Marie-Antoinette, wife of Louis XVI, whose sartorial excesses rankled while France's population starved, is famously credited with saying "Qu'ils mangent de la brioche" or "Let them eat cake" when asked what peasants who had no bread should do about their hunger.

It is widely understood that history has treated the French queen unfairly, and there is no record of her uttering those words. But her position in history as the woman whose delight in her wardrobe oustripped her compassion for the hungry stands firm.

The slippers were the most valuable item sold by Parisian auction house Drouot in a collection consisting of 350 treasures belonging to French royal families. They went to a telephone bidder for five times the price Drouot's expected them to fetch.

They had belonged to Marie-Antoinette's manservant Alexandre-Bernard Ju-Des-Retz, to whom she gave them as a gift in 1775, and who passed them onto his descendants.

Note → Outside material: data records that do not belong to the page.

Section Coordinates.
Variables (H : algType C) (D : H -> T2 H) (eps : H -> C) (S : H -> H).
Hypothesis D_linear : forall a u v, teq2 (D (a *: u + v)) (scale2 a (D u) ++ D v).
Hypothesis eps_scalar : scalar eps.
Hypothesis eps_mul : forall u v, eps (u * v) = eps u * eps v.
Hypothesis eps_1 : eps 1 = 1.
Hypothesis counit : forall h, eps_id eps (D h) = h /\ id_eps eps (D h) = h.
Hypothesis D_mul : forall u v, teq2 (D (u * v)) (mul2 (D u) (D v)).
Hypothesis D_1 : teq2 (D 1) (one2 H).
Hypothesis coassoc : forall h, teq3 (D_id D (D h)) (id_D D (D h)).
Hypothesis S_linear : linear S.
Hypothesis S_bij : bijective S.
Hypothesis antipodeL : forall h, \sum_(p <- D h) S p.1 * p.2 = (eps h)%:A.
Hypothesis antipodeR : forall h, \sum_(p <- D h) p.1 * S p.2 = (eps h)%:A.

Variables (gT : finGroupType) (iota : gT -> H) (j : gT -> gT -> C).
Hypothesis hG : central_grouplike_subgroup D iota.
Hypothesis hj : char_iso j.

Local Notation e := (idem iota j).

(* [has_coords2 s c]: s equals sum_(x, y) c x y e_x (x) e_y in the sense of
   [teq2]; similarly for three and four factors. *)
Definition has_coords2 (s : T2 H) (c : gT -> gT -> C) :=
  forall f g, lin_fun f -> lin_fun g ->
  ev2 f g s = \sum_x \sum_y c x y * (f (e x) * g (e y)).
Definition has_coords3 (s : T3 H) (c : gT -> gT -> gT -> C) :=
  forall f g k, lin_fun f -> lin_fun g -> lin_fun k ->
  ev3 f g k s = \sum_x \sum_y \sum_z c x y z * (f (e x) * g (e y) * k (e z)).
Definition has_coords4 (s : T4 H) (c : gT -> gT -> gT -> gT -> C) :=
  forall f g k l, lin_fun f -> lin_fun g -> lin_fun k -> lin_fun l ->
  ev4 f g k l s = \sum_x \sum_y \sum_z \sum_t
     c x y z t * (f (e x) * g (e y) * k (e z) * l (e t)).

Definition etensor2 (c : gT -> gT -> C) : T2 H :=
  flatten [seq [seq (c x y *: e x, e y) | y <- enum gT] | x <- enum gT].
Definition etensor3 (c : gT -> gT -> gT -> C) : T3 H :=
  flatten [seq [seq (c x y z *: e x, e y, e z) | y <- enum gT, z <- enum gT]
          | x <- enum gT].

Lemma big_etensor2 (V : nmodType) (F : H * H -> V) c :
  \sum_(p <- etensor2 c) F p = \sum_x \sum_y F (c x y *: e x, e y).
Proof.
rewrite big_flatten /= big_map big_enum; apply: eq_bigr => x _.
by rewrite big_map big_enum.
Qed.

Lemma big_etensor3 (V : nmodType) (F : H * H * H -> V) c :
  \sum_(p <- etensor3 c) F p = \sum_x \sum_y \sum_z F (c x y z *: e x, e y, e z).
Proof.
rewrite big_flatten /= big_map big_enum; apply: eq_bigr => x _.
by rewrite big_allpairs_dep big_enum; apply: eq_bigr => y _; rewrite big_enum.
Qed.

Lemma etensor2_coords c : has_coords2 (etensor2 c) c.
Proof.
move=> f g lin_f lin_g; rewrite /ev2 big_etensor2.
by do 2![apply: eq_bigr => ? _]; rewrite (linZ lin_f) mulrA.
Qed.

Lemma etensor3_coords c : has_coords3 (etensor3 c) c.
Proof.
move=> f g k lin_f lin_g lin_k; rewrite /ev3 big_etensor3.
by do 3![apply: eq_bigr => ? _]; rewrite (linZ lin_f) !mulrA.
Qed.

Lemma lin_fun_1 (f : H -> C) : lin_fun f -> f 1 = \sum_x f (e x).
Proof. by move=> lin_f; rewrite -(sum_idem hG hj) (lin_sum lin_f). Qed.

Lemma lin_fun_idem_mul_neq (f : H -> C) x y : lin_fun f -> x != y -> f (e x * e y) = 0.
Proof. by move=> lin_f /negbTE xy; rewrite (idem_mul hG hj) xy (lin0 lin_f). Qed.

Lemma one2_coords : has_coords2 (one2 H) (fun _ _ => 1).
Proof.
move=> f g lin_f lin_g; rewrite /ev2 big_seq1 (lin_fun_1 lin_f) (lin_fun_1 lin_g).
rewrite mulr_suml; apply: eq_bigr => x _; rewrite mulr_sumr.
by apply: eq_bigr => y _; rewrite mul1r.
Qed.

Lemma one3_coords : has_coords3 (one3 H) (fun _ _ _ => 1).
Proof.
move=> f g k lin_f lin_g lin_k; rewrite /ev3 big_seq1 /=.
rewrite (lin_fun_1 lin_f) (lin_fun_1 lin_g) (lin_fun_1 lin_k).
rewrite -mulrA mulr_suml; apply: eq_bigr => x _; rewrite mulr_suml mulr_sumr.
apply: eq_bigr => y _; rewrite !mulr_sumr; apply: eq_bigr => z _.
by rewrite mul1r !mulrA.
Qed.

Lemma mul2_coords s t c d : has_coords2 s c -> has_coords2 t d ->
  has_coords2 (mul2 s t) (fun x y => c x y * d x y).
Proof.
move=> s_c t_d f g lin_f lin_g; rewrite /ev2 /mul2 big_allpairs_dep /=.
transitivity (\sum_(p <- s) \sum_x' \sum_y' d x' y' * (f (p.1 * e x') * g (p.2 * e y'))).
  by apply: eq_bigr => p _; exact: (t_d _ _ (lin_fun_mull p.1 lin_f) (lin_fun_mull p.2 lin_g)).
rewrite exchange_big; apply: eq_bigr => x' _; rewrite exchange_big; apply: eq_bigr => y' _.
rewrite -mulr_sumr -[\sum_(p <- s) _]/(ev2 (f \o *%R^~ (e x')) (g \o *%R^~ (e y')) s).
rewrite (s_c _ _ (lin_fun_mulr (e x') lin_f) (lin_fun_mulr (e y') lin_g)) /=.
rewrite (big_only1 x') // => [|x x_neq _]; last first.
  by apply: big1 => y _; rewrite (lin_fun_idem_mul_neq lin_f x_neq) mul0r mulr0.
rewrite (big_only1 y') // => [|y y_neq _]; last first.
  by rewrite (lin_fun_idem_mul_neq lin_g y_neq) !mulr0.
by rewrite !(idem_mul hG hj) !eqxx mulrA [d x' y' * _]mulrC.
Qed.

Lemma mul3_coords s t c d : has_coords3 s c -> has_coords3 t d ->
  has_coords3 (mul3 s t) (fun x y z => c x y z * d x y z).
Proof.
move=> s_c t_d f g k lin_f lin_g lin_k; rewrite /ev3 /mul3 big_allpairs_dep /=.
transitivity (\sum_(p <- s) \sum_x' \sum_y' \sum_z' d x' y' z' *
   (f (p.1.1 * e x') * g (p.1.2 * e y') * k (p.2 * e z'))).
  apply: eq_bigr => p _; apply: (t_d _ _ _ (lin_fun_mull p.1.1 lin_f)
    (lin_fun_mull p.1.2 lin_g) (lin_fun_mull p.2 lin_k)).
rewrite exchange_big; apply: eq_bigr => x' _; rewrite exchange_big; apply: eq_bigr => y' _.
rewrite exchange_big; apply: eq_bigr => z' _.
rewrite -mulr_sumr -[\sum_(p <- s) _]/(ev3 (f \o *%R^~ (e x')) (g \o *%R^~ (e y'))
  (k \o *%R^~ (e z')) s).
rewrite (s_c _ _ _ (lin_fun_mulr (e x') lin_f) (lin_fun_mulr (e y') lin_g)
  (lin_fun_mulr (e z') lin_k)) /=.
rewrite (big_only1 x') // => [|x x_neq _]; last first.
  by do 2![apply: big1 => ? _]; rewrite (lin_fun_idem_mul_neq lin_f x_neq) !mul0r mulr0.
rewrite (big_only1 y') // => [|y y_neq _]; last first.
  by apply: big1 => z _; rewrite (lin_fun_idem_mul_neq lin_g y_neq) mulr0 !mul0r mulr0.
rewrite (big_only1 z') // => [|z z_neq _]; last first.
  by rewrite (lin_fun_idem_mul_neq lin_k z_neq) !mulr0.
by rewrite !(idem_mul hG hj) !eqxx mulrA [d x' y' z' * _]mulrC.
Qed.

Lemma mul4_coords s t c d : has_coords4 s c -> has_coords4 t d ->
  has_coords4 (mul4 s t) (fun x y z u => c x y z u * d x y z u).
Proof.
move=> s_c t_d f g k l lin_f lin_g lin_k lin_l; rewrite /ev4 /mul4 big_allpairs_dep /=.
transitivity (\sum_(p <- s) \sum_x' \sum_y' \sum_z' \sum_u' d x' y' z' u' *
   (f (p.1.1.1 * e x') * g (p.1.1.2 * e y') * k (p.1.2 * e z') * l (p.2 * e u'))).
  apply: eq_bigr => p _; apply: (t_d _ _ _ _ (lin_fun_mull p.1.1.1 lin_f)
    (lin_fun_mull p.1.1.2 lin_g) (lin_fun_mull p.1.2 lin_k) (lin_fun_mull p.2 lin_l)).
rewrite exchange_big; apply: eq_bigr => x' _; rewrite exchange_big; apply: eq_bigr => y' _.
rewrite exchange_big; apply: eq_bigr => z' _; rewrite exchange_big; apply: eq_bigr => u' _.
rewrite -mulr_sumr -[\sum_(p <- s) _]/(ev4 (f \o *%R^~ (e x')) (g \o *%R^~ (e y'))
  (k \o *%R^~ (e z')) (l \o *%R^~ (e u')) s).
rewrite (s_c _ _ _ _ (lin_fun_mulr (e x') lin_f) (lin_fun_mulr (e y') lin_g)
  (lin_fun_mulr (e z') lin_k) (lin_fun_mulr (e u') lin_l)) /=.
rewrite (big_only1 x') // => [|x x_neq _]; last first.
  by do 3![apply: big1 => ? _]; rewrite (lin_fun_idem_mul_neq lin_f x_neq) !mul0r mulr0.
rewrite (big_only1 y') // => [|y y_neq _]; last first.
  by do 2![apply: big1 => ? _]; rewrite (lin_fun_idem_mul_neq lin_g y_neq) mulr0 !mul0r mulr0.
rewrite (big_only1 z') // => [|z z_neq _]; last first.
  by apply: big1 => u _; rewrite (lin_fun_idem_mul_neq lin_k z_neq) mulr0 !mul0r mulr0.
rewrite (big_only1 u') // => [|u u_neq _]; last first.
  by rewrite (lin_fun_idem_mul_neq lin_l u_neq) !mulr0.
by rewrite !(idem_mul hG hj) !eqxx mulrA [d x' y' z' u' * _]mulrC.
Qed.

Lemma D_id_coords s c : has_coords2 s c ->
  has_coords3 (D_id D s) (fun x y z => c (x * y)%g z).
Proof.
move=> s_c f g k lin_f lin_g lin_k.
transitivity (ev2 (fun u => ev2 f g (D u)) k s).
  by rewrite /ev3 /D_id big_allpairs_dep; apply: eq_bigr => p _; rewrite mulr_suml.
rewrite (s_c _ _ (ev2_D_scalar D_linear lin_f lin_g) lin_k) /=.
under eq_bigr do under eq_bigr do
  rewrite (ev2_D_idem D_linear hG hj _ lin_f lin_g) !mulr_suml mulr_sumr.
under eq_bigr do rewrite exchange_big; rewrite exchange_big.
apply: eq_bigr => a _; rewrite [RHS](reindex_inj (mulgI a^-1%g)).
by do 2![apply: eq_bigr => ? _]; rewrite /= mulKVg; ring.
Qed.

Lemma id_D_coords s c : has_coords2 s c ->
  has_coords3 (id_D D s) (fun x y z => c x (y * z)%g).
Proof.
move=> s_c f g k lin_f lin_g lin_k.
transitivity (ev2 f (fun u => ev2 g k (D u)) s).
  rewrite /ev3 /id_D big_allpairs_dep; apply: eq_bigr => p _.
  by rewrite mulr_sumr; apply: eq_bigr => q _; rewrite mulrA.
rewrite (s_c _ _ lin_f (ev2_D_scalar D_linear lin_g lin_k)) /=; apply: eq_bigr => x _.
under eq_bigr do rewrite (ev2_D_idem D_linear hG hj _ lin_g lin_k) !mulr_sumr.
rewrite exchange_big; apply: eq_bigr => a _; rewrite [RHS](reindex_inj (mulgI a^-1%g)).
by apply: eq_bigr => ? _; rewrite /= mulKVg; ring.
Qed.

Lemma D_id_id_coords s c : has_coords3 s c ->
  has_coords4 (D_id_id D s) (fun x y z t => c (x * y)%g z t).
Proof.
move=> s_c f g k l lin_f lin_g lin_k lin_l.
transitivity (ev3 (fun u => ev2 f g (D u)) k l s).
  by rewrite /ev4 /D_id_id big_allpairs_dep; apply: eq_bigr => p _; rewrite !mulr_suml.
rewrite (s_c _ _ _ (ev2_D_scalar D_linear lin_f lin_g) lin_k lin_l) /=.
under eq_bigr do under eq_bigr do under eq_bigr do
  rewrite (ev2_D_idem D_linear hG hj _ lin_f lin_g) !mulr_suml mulr_sumr.
under eq_bigr do under eq_bigr do rewrite exchange_big.
under eq_bigr do rewrite exchange_big; rewrite exchange_big.
apply: eq_bigr => a _; rewrite [RHS](reindex_inj (mulgI a^-1%g)).
by do 3![apply: eq_bigr => ? _]; rewrite /= mulKVg; ring.
Qed.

Nearly 20 years after she gave the slippers away Marie-Antoinette died at the guillotine. Having had her hair cut off and her finery replaced with a plain white shift, she was driven through Paris in an open cart and beheaded at Place de la Revolution (now Concorde). Her last words are recorded as: "Pardon me sir, I meant not to do it."

Interest in the last French queen has been reignited in recent years. A film directed by Sofia Coppola, Marie Antoinette, starring Kirsten Dunst in the title role, hit cinemas in 2006 charting the end of the queen's reign and the fall of Versailles palace.